III

Je croyais être en avance, mais à cause de la gadouille dans laquelle je roulais à petite allure depuis le matin, j’arrivai au Bourget juste comme l’avion de Londres atterrissait dans un éclaboussement d’eau et de boue. Le terrain était détrempé. Comme du rebord d’un toit, des paquets de neige et des petits glaçons se détachaient des ailes incurvées du grand appareil trépidant, qui n’avait qu’un seul passager à bord.

C’était un homme grand, jeune, élancé, d’une sobre élégance et avec des manières d’esthète.

— Monsieur Cendrars, je suppose ? me dit-il, en soulevant son chapeau melon. Je suis Boyd Neels Woolworth.

— Oh ! c’est vous ! Comment allez-vous ? Enchanté de faire votre connaissance, monsieur Woolworth. Votre tante m’a souvent parlé de vous.

— La chère vieille dame ! oui, je sais. Mais ce n’est pas de sa part que je vous ai télégraphié, c’est de la part de Béatrix…

— De Béatrix ?

— Oui, de votre amie Béatrix, Béatrix Guerrero-Guerrera, la grande cantatrice portugaise, souligna, en rougissant jusqu’aux oreilles, mon élégant, mon correct Anglais, que je savais être, par sa tante, un jeune musicien de talent. Nous nous sommes fiancés à bord de l’Alcantara, à son retour du Brésil, et je lui avais promis de le faire, sinon, si Béatrix n’avait pas tant insisté, jamais je ne me serais permis d’agir aussi cavalièrement avec vous, Monsieur. Excusez-moi de vous avoir dérangé.

— Alors, Béatrix va chanter à Londres ? Elle m’en avait parlé. Je sais que c’était depuis longtemps son plus cher désir.

— Non, elle s’est arrêtée à Lisbonne, où elle débute ce soir et où je serai pour l’applaudir, car je reprends l’avion à trois heures. Vous ne voudriez pas venir avec moi ? Béatrix a tant insisté, je vous en prie…

— Impossible, cher Monsieur, je dois travailler.

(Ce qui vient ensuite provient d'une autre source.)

Lemma bailey_coef_Posz s : (s <= N)%N ->
  bailey_coef s = bailey_const * \sum_(s <= n < N.+1) bailey_weight n * bailey_kernel n s.
Proof.
move=> le_sN; rewrite bailey_sum_Posz //; set m := (N - s)%N.
have eN : N = (s + m)%N by rewrite /m subnKC.
have eNs : (N.+1 + s = s + s + 1 + m)%N by rewrite /m; lia.
have split_r a : qpochn q a N = qpochn q a s * qpochn q (a * q ^+ s) m by rewrite eN qpochnD.
have := qpochn_r1_neq0; rewrite split_r mulf_eq0 negb_or => /andP[r1s_neq0 r1m_neq0].
have := qpochn_r2_neq0; rewrite split_r mulf_eq0 negb_or => /andP[r2s_neq0 r2m_neq0].
have qm_neq0 := qpochn_q_neq0 m; have qs_neq0 := qpochn_q_neq0 (s + s + 1).
have qN1_neq0 := qpochn_q_neq0 N.+1; have qNs_neq0 := qpochn_q_neq0 (N.+1 + s).
have q1_neq0 : 1 - q != 0 by have := qpochn_q_factor_neq0 qpochn_q_neq0 0; rewrite mulr1.
rewrite /bailey_coef /bailey_const !qpochE binom2_nat -exprnN -!exprnP.
rewrite (split_r (q ^+ 2 / r1)) (split_r (q ^+ 2 / r2)).
have -> : qpochn q (q ^- N) s
    = q ^+ 'C(s, 2) * qpochn q q N / (qpochn q q m * (-1) ^+ s * q ^+ (N * s)).
  by rewrite -(qpochn_qN q_neq0 le_sN) -/m; field; neq0.
have -> : qpochn q (q ^+ 2) N = qpochn q q N.+1 / (1 - q) by rewrite qpochnSl -expr2; field.
have -> : qpochn q (q ^+ (N + 2)) s = qpochn q q (N.+1 + s) / qpochn q q N.+1.
  by rewrite qpochnD -exprS addn2 [RHS]mulrC mulKf.
have -> : qpochn q (q * q ^+ (s + s + 1)) m = qpochn q q (N.+1 + s) / qpochn q q (s + s + 1).
  by rewrite eNs qpochnD [RHS]mulrC mulKf.
rewrite (_ : (q ^+ (N + 2) / (r1 * r2)) ^+ s = q ^+ (N * s) * D ^+ s); last first.
  by rewrite exprD -mulrA exprMn -exprM.
have := qpochn_D_neq0.
by move=> *; field; neq0.
Qed.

— Oh ! Béatrix sera déçue. Elle était sûre que vous viendriez et elle se faisait une telle joie de vous revoir. Vous savez, c’est elle qui a pensé à vous pour notre opéra. Elle m’a dit qu’on n’avait qu’à vous parler de n’importe quoi pour que vous trouviez immédiatement une idée originale. C’est exactement ce qu’il me faut. L’Opéra royal de Copenhague m’a commandé la musique d’un opéra et je voudrais leur donner une œuvre moderne. Vous n’avez pas un beau sujet moderne, quelque chose de pas ordinaire, quelque chose de vécu, de vrai ?… Béatrix m’a dit que je pouvais absolument compter sur vous. Alors, vous ne voulez pas ? Béatrix sera désolée. Je… Vous… J’ai carte blanche, on pourrait faire un si beau spectacle ! Vous savez, la direction ne regardera pas à la dépense. Ils ont envie de faire grand…

— Non, je ne peux pas, je ne peux absolument pas partir maintenant. Mais ne restons pas là les pieds dans la boue. Le temps passe. J’ai ma voiture. Allons déjeuner.

— C’est que je reprends l’avion de trois heures.

— Justement. Je vous mène à deux pas d’ici. Chez Dagorno. J’y ai mes habitudes. On sera tranquille pour parler de votre opéra.